→ YOUR GOAL: Wherever the word "unipotentM" occurs in the listing below, copy that whole line.

→ EXERCISE INPUT:
(* Let $T:\mathcal{B}(\mathcal{H}_2)\to\mathcal{B}(\mathcal{H}_1)$ be a channel. Let $(n_\alpha)_{\alpha\in\mathbb{N}}$ be a strictly increasing sequence of positive integers such that $\lim_{\alpha\to\infty} n_{\alpha+1}/n_\alpha=1$, and let $M_\alpha$ be positive integers such that $\lim_{\alpha\to\infty}\Delta(T^{\otimes n_\alpha},M_\alpha)=0$. Then every $c\ge 0$ with $$c<\liminf_{\alpha\to\infty}\frac{\log_2 M_\alpha}{n_\alpha}$$ is an achievable rate for $T$. Moreover, if in addition there are constants $\mu,\lambda\ge 0$ with $\Delta(T^{\otimes n_\alpha},M_\alpha)\le \mu e^{-\lambda n_\alpha}$ for all $\alpha$, then for every such $c$ $$\liminf_{n\to\infty}\frac{-1}{n}\log\Delta\bigl(T^{\otimes n},\lfloor 2^{cn}\rfloor\bigr)\ge\lambda .$$
   Context: All Hilbert spaces are finite dimensional; $\mathcal{B}(\mathcal{H})$ denotes the linear operators on $\mathcal{H}$. A channel with input space $\mathcal{H}_1$ and output space $\mathcal{H}_2$ is a completely positive unital linear map $T:\mathcal{B}(\mathcal{H}_2)\to\mathcal{B}(\mathcal{H}_1)$ (Heisenberg picture). For a linear map $S:\mathcal{B}(\mathcal{K}_2)\to\mathcal{B}(\mathcal{K}_1)$ its cb-norm is $\|S\|_{cb}=\sup\{\|(S\otimes \mathrm{id}_{\mathcal{B}(\mathbb{C}^k)})(A)\| : k\in\mathbb{N},\ A\in\mathcal{B}(\mathcal{K}_2\otimes\mathbb{C}^k),\ \|A\|\le1\}$. For a channel $T:\mathcal{B}(\mathcal{H}_2)\to\mathcal{B}(\mathcal{H}_1)$ and a positive integer $M$, $\Delta(T,M)=\inf_{E,D}\|E\circ T\circ D-\mathrm{id}\|_{cb}$, where $\mathcal{H}_0$ is a Hilbert space of dimension $M$, $\mathrm{id}$ is the identity map of $\mathcal{B}(\mathcal{H}_0)$, and the infimum runs over all channels $D:\mathcal{B}(\mathcal{H}_0)\to\mathcal{B}(\mathcal{H}_2)$ (decodings) and $E:\mathcal{B}(\mathcal{H}_1)\to\mathcal{B}(\mathcal{H}_0)$ (encodings). $T^{\otimes n}:\mathcal{B}(\mathcal{H}_2^{\otimes n})\to\mathcal{B}(\mathcal{H}_1^{\otimes n})$ is the $n$-fold tensor power. A number $c\ge0$ is an achievable rate for $T$ if $\lim_{n\to\infty}\Delta(T^{\otimes n},\lfloor 2^{cn}\rfloor)=0$; $\lfloor x\rfloor$ is the largest integer $\le x$. In the last display $\log$ is the natural logarithm. *)

From HB Require Import structures.
From mathcomp Require Import all_boot all_order all_algebra.
From mathcomp Require Import complex mxtens.
From mathcomp Require Import all_classical all_reals all_analysis.
Set Implicit Arguments. Unset Strict Implicit. Unset Printing Implicit Defensive.
Import Order.TTheory GRing.Theory Num.Theory.
Import numFieldNormedType.Exports.
Local Open Scope ring_scope.
Local Open Scope classical_set_scope.
Lemma integral_normal_step (m s u v a b : R) : 0 <= u -> 0 <= v ->
  (\int[lebesgue_measure]_(x in [set: R])
     (((if b <= x then u else 0) + (if a <= x then v else 0))
        * normal_pdf m s x)%:E
  = u%:E * normal_prob m s `[b, +oo[ + v%:E * normal_prob m s `[a, +oo[)%E.
Proof.
move=> u0 v0; pose P c := (fun x => (normal_pdf m s x)%:E) \_ `[c, +oo[.
have mP c : measurable_fun setT (P c).
  apply/(measurable_restrictT _ _).1 => //.
  exact: measurable_normal_pdf_EFin.
have P0 c x : (0 <= P c x)%E.
  by rewrite /P /patch; case: ifP => // _; rewrite lee_fin normal_pdf_ge0.
have PE c x : P c x = ((if c <= x then 1 else 0) * normal_pdf m s x)%:E.
  rewrite /P /patch (_ : (x \in _) = (c <= x)); last first.
    by apply/idP/idP; rewrite in_setE /= in_itv /= andbT.
  by case: ifP; rewrite ?mul1r ?mul0r.
transitivity
  (\int[lebesgue_measure]_(x in [set: R]) (u%:E * P b x + v%:E * P a x))%E.
  apply: eq_integral => x _; rewrite !PE -!EFinM -EFinD.
  case: ifP => _; case: ifP => _;
    by rewrite !(mul1r, mul0r, mulr0, addr0, add0r) // mulrDl.
rewrite ge0_integralD //; last 4 first.
- by move=> x _; apply: mule_ge0; [rewrite lee_fin | exact: P0].
- by apply: emeasurable_funM; [exact: measurable_cst | exact: mP].
- by move=> x _; apply: mule_ge0; [rewrite lee_fin | exact: P0].
- by apply: emeasurable_funM; [exact: measurable_cst | exact: mP].
rewrite !ge0_integralZl_EFin //; [|exact: mP..].
by rewrite /P -!integral_mkcond.
Qed.
Lemma strictly_upper_exprS D n : strictly_upper D -> strictly_upper (D ^+ n.+1).
Proof. by move=> uD i j le_ji; apply: strictly_upper_exprE => //; lia. Qed.

Lemma strictly_upper_nilpotent D : strictly_upper D -> D ^+ k = 0.
Proof.
move=> uD; apply/matrixP => i j; rewrite mxE strictly_upper_exprE //.
by have := ltn_ord j; lia.
Qed.

Lemma mulr_unipotent_eq0 Z D : strictly_upper D -> Z * (1 + D) = 0 -> Z = 0.
Proof.
move=> uD Z1D0; rewrite -[Z]mulr1 -(mul1D_sum_exprN (strictly_upper_nilpotent uD)).
by rewrite mulrA Z1D0 mul0r.
Qed.

Definition unipotent A := strictly_upper (A - 1).

Lemma unipotent1 : unipotent 1.
Proof. by rewrite /unipotent subrr; apply: strictly_upper0. Qed.

Lemma unipotentM A D : unipotent A -> unipotent D -> unipotent (A * D).
Proof.
rewrite /unipotent => uA uD; have -> : A * D - 1 = (A - 1) * (D - 1) + (A - 1) + (D - 1).
  by rewrite mulrBl mulrBr !mul1r mulr1 -addrA (addrC (A - 1)) addrA subrK addrA subrK.
by apply: strictly_upperD => //; apply: strictly_upperD => //; apply: strictly_upperM.
Qed.

Lemma unipotentX A n : unipotent A -> unipotent (A ^+ n).
Proof.
move=> uA; elim: n => [|n IH]; first by rewrite expr0; apply: unipotent1.
by rewrite exprS; apply: unipotentM.
Qed.

Lemma unipotent_ipow A D z : unipotent A -> unipotent D -> unipotent (ipow A D z).
Proof. by case: z => n uA uD /=; apply: unipotentX. Qed.

End StrictlyUpper.

Section JordanBlock.
Variables (R : pzRingType) (m : nat).

Definition shift_mx : 'M[R]_m.+1 := \matrix_(i, j) (i.+1 == j)%:R.

Lemma strictly_upper_shift_mx : strictly_upper shift_mx.
Proof. by move=> i j le_ji; rewrite mxE; case: eqP => // eq_ij; lia. Qed.

Lemma shift_mx_exprE n (i j : 'I_m.+1) : (shift_mx ^+ n) i j = ((i + n)%N == j)%:R.
Proof.
elim: n i j => [|n IH] i j; first by rewrite expr0 addn0 mxE.
rewrite exprSr -mulmxE mxE; case: (ltnP (i + n) m.+1) => [lt_in | le_in].
  rewrite (bigD1 (Ordinal lt_in)) //= big1 ?addr0 => [|l ne_l].
    by rewrite IH mxE eqxx mul1r addnS.
  rewrite IH; case: eqP => [eq_l | _]; last by rewrite mul0r.
  by move: ne_l; rewrite -(inj_eq val_inj) /= eq_l eqxx.
rewrite big1 => [|l _]; first by case: eqP => // eq_j; have := ltn_ord j; lia.
by rewrite IH; case: eqP => [eq_l | _]; [have := ltn_ord l; lia | rewrite mul0r].
Qed.

Definition jordan_mx : 'M[R]_m.+1 := 1 + shift_mx.
Definition jordan_inv : 'M[R]_m.+1 := \sum_(i < m.+1) (- shift_mx) ^+ i.
Definition jordan_pow (z : int) := ipow jordan_mx jordan_inv z.

Lemma jordan_powD z w : jordan_pow (z + w) = jordan_pow z * jordan_pow w.
Proof.
have shift_nil := strictly_upper_nilpotent strictly_upper_shift_mx.
exact: (ipowD (mul1D_sum_exprN shift_nil) (sum_exprN_mul1D shift_nil)).
Qed.

Lemma unipotent_jordan_pow z : unipotent (jordan_pow z).
Proof.
apply: unipotent_ipow; first by rewrite /unipotent addrC addKr; apply: strictly_upper_shift_mx.
rewrite /unipotent /jordan_inv big_ord_recl expr0 addrAC subrr add0r.
by apply: strictly_upper_sum => i; apply/strictly_upper_exprS/strictly_upperN/strictly_upper_shift_mx.
Qed.

Lemma jordan_mx_expr_corner : (jordan_mx ^+ m) ord0 ord_max = 1.
Proof.
rewrite /jordan_mx addrC exprD1n summxE (bigD1 ord_max) //= big1 ?addr0.
  by rewrite mulmxnE shift_mx_exprE add0n eqxx binn mulr1n.
move=> i ne_i; rewrite mulmxnE shift_mx_exprE add0n.
case: eqP => [eq_i | _]; last by rewrite mul0rn.
by move: ne_i; rewrite -(inj_eq val_inj) /= eq_i eqxx.
Qed.

End JordanBlock.

Lemma jordan_pow_fix_eq0 (R : comPzRingType) (n : int) (b : R) :
  n != 0 -> jordan_pow R `|n|%N n * b%:M = b%:M -> b = 0.
Proof.
move=> n_neq0; set m := `|n|%N => fix_b.
have shift_nil := strictly_upper_nilpotent (@strictly_upper_shift_mx R m).
have := ipow_fix_normr (mul1D_sum_exprN shift_nil) fix_b.
move=> /(congr1 (fun M : 'M[R]_m.+1 => M ord0 ord_max)).
rewrite /= -mulmxE mul_mx_scalar !mxE jordan_mx_expr_corner mulr1.
have /negbTE -> : ord0 != ord_max :> 'I_m.+1.
  by rewrite -(inj_eq val_inj) /= eq_sym -lt0n absz_gt0.
by rewrite mulr0n.
Qed.

Section GradedRing.
Variables (B : comPzRingType) (Bn : int -> B -> Prop).
Hypothesis gradingB : is_Zgrading Bn.

Lemma grade0 n : Bn n 0.
Proof. by case: gradingB => B0 _; apply: B0. Qed.

Lemma gradeB n x y : Bn n x -> Bn n y -> Bn n (x - y).
Proof. by case: gradingB => _ [BB _]; apply: BB. Qed.

Lemma gradeN n x : Bn n x -> Bn n (- x).
Proof. by rewrite -sub0r; apply/gradeB/grade0. Qed.

Lemma gradeD n x y : Bn n x -> Bn n y -> Bn n (x + y).
Proof. by move=> Bx By; rewrite -[y]opprK; apply/gradeB/gradeN. Qed.

Lemma gradeM m n x y : Bn m x -> Bn n y -> Bn (m + n) (x * y).
Proof. by case: gradingB => _ [_ [_ [BM _]]]; apply: BM. Qed.

Definition homogeneous (f : int -> B) := forall n, Bn n (f n).

Lemma graded_decomp b : exists (s : seq int) (f : int -> B),
  [/\ uniq s, homogeneous f & b = \sum_(n <- s) f n].
Proof. by case: gradingB => _ [_ [_ [_ [Bdec _]]]]; apply: Bdec. Qed.

Lemma graded_decomp_eq0 s f : uniq s -> homogeneous f ->
  \sum_(n <- s) f n = 0 -> forall n, n \in s -> f n = 0.
Proof. by case: gradingB => _ [_ [_ [_ [_ Buniq]]]]; apply: Buniq. Qed.

Lemma concentrated_grade0 :
  (forall n, n != 0 -> forall b, Bn n b -> b = 0) -> forall b, Bn 0 b.
Proof.
move=> conc b; have [s [f [_ homf ->]]] := graded_decomp b.
apply: (big_ind (Bn 0)); [exact: grade0 | exact: gradeD | move=> l _].
by have [<- // | l_neq0] := eqVneq l 0; rewrite (conc l l_neq0 _ (homf l)); apply: grade0.
Qed.

Definition pad (s : seq int) (f : int -> B) (l : int) := if l \in s then f l else 0.

Lemma homogeneous_pad s f : homogeneous f -> homogeneous (pad s f).
Proof. by move=> homf n; rewrite /pad; case: ifP => _; [apply: homf | apply: grade0]. Qed.

Lemma sum_pad (V : nmodType) (F : int -> B -> V) s f L :
  (forall l, F l 0 = 0) -> uniq s -> uniq L -> {subset s <= L} ->
  \sum_(l <- L) F l (pad s f l) = \sum_(l <- s) F l (f l).
Proof.
move=> F0 s_uniq L_uniq sL.
under eq_bigr => l _ do rewrite [F l _]fun_if F0.
rewrite -big_mkcond -big_filter; apply: perm_big; apply: uniq_perm => //.
  exact: filter_uniq.
by move=> l; rewrite mem_filter andb_idr //; apply: sL.
Qed.

Lemma sum_pad_id s f L : uniq s -> uniq L -> {subset s <= L} ->
  \sum_(l <- L) pad s f l = \sum_(l <- s) f l.
Proof. exact: (@sum_pad _ (fun _ x => x)). Qed.

Lemma common_graded_decomp x y : exists (L : seq int) (fx fy : int -> B),
  [/\ uniq L, homogeneous fx, homogeneous fy,
      x = \sum_(l <- L) fx l & y = \sum_(l <- L) fy l].
Proof.
have [s1 [f1 [s1_uniq homf1 ->]]] := graded_decomp x.
have [s2 [f2 [s2_uniq homf2 ->]]] := graded_decomp y.
exists (undup (s1 ++ s2)), (pad s1 f1), (pad s2 f2).
split; rewrite ?undup_uniq //; try exact: homogeneous_pad.
all: by apply/esym/sum_pad_id; rewrite ?undup_uniq // => l sl; rewrite mem_undup mem_cat sl ?orbT.
Qed.

Lemma graded_sum_indep (V : nmodType) (F : int -> B -> V) s1 f1 s2 f2 :
  (forall l, F l 0 = 0) -> uniq s1 -> uniq s2 -> homogeneous f1 -> homogeneous f2 ->
  \sum_(l <- s1) f1 l = \sum_(l <- s2) f2 l ->
  \sum_(l <- s1) F l (f1 l) = \sum_(l <- s2) F l (f2 l).
Proof.
move=> F0 s1_uniq s2_uniq homf1 homf2 eq_sum; set L := undup (s1 ++ s2).
have L_uniq : uniq L by apply: undup_uniq.
have s1L : {subset s1 <= L} by move=> l sl; rewrite mem_undup mem_cat sl.
have s2L : {subset s2 <= L} by move=> l sl; rewrite mem_undup mem_cat sl orbT.
have eq_pad l : l \in L -> pad s1 f1 l = pad s2 f2 l.
  move=> Ll; apply/eqP; rewrite -subr_eq0; apply/eqP; move: l Ll.
  apply: (graded_decomp_eq0 (f := fun l => pad s1 f1 l - pad s2 f2 l)) => // [n|].
    by apply: gradeB; apply: homogeneous_pad.
  by rewrite sumrB !sum_pad_id // eq_sum subrr.
rewrite -(sum_pad f1 F0 s1_uniq L_uniq s1L) -(sum_pad f2 F0 s2_uniq L_uniq s2L).
by apply: eq_big_seq => l /eq_pad ->.
Qed.

Lemma graded_decomp_pair b : exists p : seq int * (int -> B),
  [/\ uniq p.1, homogeneous p.2 & b = \sum_(n <- p.1) p.2 n].
Proof. by have [s [f decb]] := graded_decomp b; exists (s, f). Qed.

Definition homog_decomp (b : B) : seq int * (int -> B) :=
  proj1_sig (constructive_indefinite_description _ (graded_decomp_pair b)).

Lemma homog_decompP b : [/\ uniq (homog_decomp b).1, homogeneous (homog_decomp b).2
  & b = \sum_(n <- (homog_decomp b).1) (homog_decomp b).2 n].
Proof. exact: proj2_sig (constructive_indefinite_description _ (graded_decomp_pair b)). Qed.

Section Twist.
Variables (R : pzRingType) (chi : int -> R) (j : {rmorphism B -> R}).

(* For a character chi : Z -> R^* commuting with the image of j, this is the
   ring morphism b_n |-> chi n * j b_n through which the grading acts. *)
Definition twist (b : B) : R :=
  \sum_(l <- (homog_decomp b).1) chi l * j ((homog_decomp b).2 l).

Lemma twist_decomp s f : uniq s -> homogeneous f ->
  twist (\sum_(l <- s) f l) = \sum_(l <- s) chi l * j (f l).
Proof.
move=> s_uniq homf; have [d_uniq homd d_sum] := homog_decompP (\sum_(l <- s) f l).
rewrite /twist; apply: (graded_sum_indep (F := fun l x => chi l * j x)) => // l.
by rewrite rmorph0 mulr0.
Qed.

Lemma twist_homog l x : Bn l x -> twist x = chi l * j x.
Proof.
move=> Blx; have homf : homogeneous (fun n => if n == l then x else 0).
  by move=> n; case: eqP => [-> | _] //; apply: grade0.
by have := twist_decomp (s := [:: l]) isT homf; rewrite !big_seq1 eqxx.
Qed.

Lemma twist0 : twist 0 = 0.
Proof. by rewrite (twist_homog (grade0 0)) rmorph0 mulr0. Qed.

Lemma twistD x y : twist (x + y) = twist x + twist y.
Proof.
have [L [fx [fy [L_uniq homx homy -> ->]]]] := common_graded_decomp x y.
rewrite -big_split !twist_decomp // => [|n]; last by apply: gradeD.
by rewrite -big_split; apply: eq_bigr => l _; rewrite rmorphD mulrDr.
Qed.

Lemma twist_sum (I : Type) (r : seq I) (F : I -> B) :
  twist (\sum_(i <- r) F i) = \sum_(i <- r) twist (F i).
Proof. exact: (big_morph twist twistD twist0). Qed.

Hypotheses (chiD : forall m n, chi (m + n) = chi m * chi n)
           (chi_comm : forall n b, chi n * j b = j b * chi n).

Lemma twistM x y : twist (x * y) = twist x * twist y.
Proof.
have [s [f [s_uniq homf ->]]] := graded_decomp x.
have [t [g [t_uniq homg ->]]] := graded_decomp y.
rewrite !twist_decomp // big_distrlr /= twist_sum big_distrl /=; apply: eq_bigr => l _.
rewrite twist_sum big_distrr /=; apply: eq_bigr => l' _.
rewrite (twist_homog (gradeM (homf l) (homg l'))) chiD rmorphM.
by rewrite -!mulrA; congr (_ * _); rewrite !mulrA chi_comm.
Qed.

End Twist.

End GradedRing.

(* Representative of (b ⊗ 1 - 1 ⊗ b) * s in B ⊗ B. *)
Definition tensor_commutator (B : comPzRingType) (b : B) (s : seq (B * B)) :=
  [seq (b * p.1, p.2) | p <- s] ++ [seq (- p.1, b * p.2) | p <- s].

(* The element e of B ⊗_A B with h(e) = [g |-> (g == 1)] satisfies
   h((b ⊗ 1 - 1 ⊗ b) e) = 0, since h(e) vanishes off the identity. *)
Lemma galois_separability (gT : finGroupType) (A B : comPzRingType)
    (iota : A -> B) (act : gT -> B -> B) :
  (forall g x y, act g (x * y) = act g x * act g y) -> (forall x, act 1%g x = x) ->
  (forall f : gT -> B, exists s : seq (B * B),
      forall g, f g = \sum_(p <- s) p.1 * act g p.2) ->
  (forall s : seq (B * B),
      (forall g, \sum_(p <- s) p.1 * act g p.2 = 0) -> tensor_eq iota s [::]) ->
  exists s : seq (B * B), \sum_(p <- s) p.1 * p.2 = 1 /\
    forall b, tensor_eq iota (tensor_commutator b s) [::].
Proof.
move=> actM act1 h_surj h_inj.
have [s hs] := h_surj (fun g => if g == 1%g then 1 else 0).
exists s; split.
  by have := hs 1%g; rewrite eqxx => ->; apply: eq_bigr => p _; rewrite act1.
move=> b; apply: h_inj => g; rewrite big_cat !big_map /=.
have -> : \sum_(p <- s) b * p.1 * act g p.2 = b * \sum_(p <- s) p.1 * act g p.2.
  by rewrite mulr_sumr; apply: eq_bigr => p _; rewrite mulrA.
have -> : \sum_(p <- s) - p.1 * act g (b * p.2) =
          - (act g b * \sum_(p <- s) p.1 * act g p.2).
  by rewrite mulr_sumr -sumrN; apply: eq_bigr => p _; rewrite actM mulNr mulrCA.
rewrite -hs; case: eqP => [-> | _]; first by rewrite act1 subrr.
by rewrite !mulr0 subrr.
Qed.
Fixpoint sderiv (v : V) (t : sterm) : sterm :=
  match t with
  | STcst _ => STcst 0
  | STcoord i => STcst (v ord0 i)
  | STadd a b => STadd (sderiv v a) (sderiv v b)
  | STmul a b => STadd (STmul (sderiv v a) b) (STmul a (sderiv v b))
  | STexpinv P a => STmul (STexpinv (expinv_deriv_poly P) a) (sderiv v a)
  end.

Definition sderivs (vs : seq V) (t : sterm) : sterm := foldr sderiv t vs.

Lemma is_derive_seval t x v : is_derive x v (seval t) (seval (sderiv v t) x).
Proof.
elim: t x => [c|i|a IHa b IHb|a IHa b IHb|P a IHa] x /=.
- exact: is_derive_cst.
- have quotE : \forall h \near 0^',
      h^-1 *: ((h *: v + x) ord0 i - x ord0 i) = v ord0 i.
    near=> h; rewrite !mxE addrK /GRing.scale /= mulrA mulVf ?mul1r //.
    near: h; exact: nbhs_dnbhs_neq.
  by split; [exact: is_cvg_near_cst quotE | exact: lim_near_cst quotE].
- exact: is_deriveD (IHa x) (IHb x).
- apply: (is_derive_eq (is_deriveM (IHa x) (IHb x))).
  by rewrite /GRing.scale /=; ring.
- apply/is_derive_line.
  have Dexpinv : is_derive (seval a (0 *: v + x)) 1 (expinv P)
      (expinv (expinv_deriv_poly P) (seval a x)).
    by rewrite scale0r add0r; exact: is_derive_expinv.
  exact: is_derive1_comp Dexpinv ((is_derive_line _ _ _ _).2 (IHa x)).
Unshelve. all: by end_near. Qed.

Lemma continuous_seval t : continuous (seval t).
Proof.
elim: t => [c|i|a IHa b IHb|a IHa b IHb|P a IHa] x /=.
- exact: cst_continuous.
- exact: (@coord_continuous R 1 n ord0 i).
- exact: continuousD (IHa x) (IHb x).
- exact: continuousM (IHa x) (IHb x).
- by apply: continuous_comp; [exact: IHa | exact: continuous_expinv].
Qed.

Lemma iterD_seval vs t : iterD vs (seval t) = seval (sderivs vs t).
Proof.
elim: vs => [//|v vs IH] /=; rewrite IH; apply/funext => x.
by case: (is_derive_seval (sderivs vs t) x v).
Qed.

Lemma sderivZ t c v x : seval (sderiv (c *: v) t) x = c * seval (sderiv v t) x.
Proof.
elim: t => [d|i|a IHa b IHb|a IHa b IHb|P a IHa] /=.
- by rewrite mulr0.
- by rewrite mxE.
- by rewrite IHa IHb mulrDr.
- by rewrite IHa IHb; ring.
- by rewrite IHa; ring.
Qed.

Lemma is_derive_seval_affine t (c s : R) (a z v : V) :
  is_derive z v (fun w => c * seval t (s *: (w - a)))
    (c * s * seval (sderiv v t) (s *: (z - a))).
Proof.
apply/is_derive_line.
have -> : (fun h : R => c * seval t (s *: (h *: v + z - a)))
    = (fun h => c * seval t (h *: (s *: v) + s *: (z - a))).
  apply/funext => h /=; congr (_ * seval t _).
  by rewrite -addrA scalerDr !scalerA mulrC.
have := is_derive_seval t (s *: (z - a)) (s *: v).
move/(is_derive_line _ _ _ _).2/(is_deriveZ c).
by rewrite sderivZ /GRing.scale /= mulrA.
Qed.

Lemma iterD_seval_affine vs t (c s : R) (a : V) :
  iterD vs (fun w => c * seval t (s *: (w - a)))
  = fun w => c * s ^+ size vs * seval (sderivs vs t) (s *: (w - a)).
Proof.
elim: vs => [|v vs IH] /=; first by apply/funext => w; rewrite mulr1.
rewrite IH; apply/funext => w.
have [_ ->] := is_derive_seval_affine (sderivs vs t) (c * s ^+ size vs) s a w v.
by rewrite exprS; congr (_ * _); ring.
Qed.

→ TASK RESULT:
Lemma unipotentM A D : unipotent A -> unipotent D -> unipotent (A * D).
by rewrite exprS; apply: unipotentM.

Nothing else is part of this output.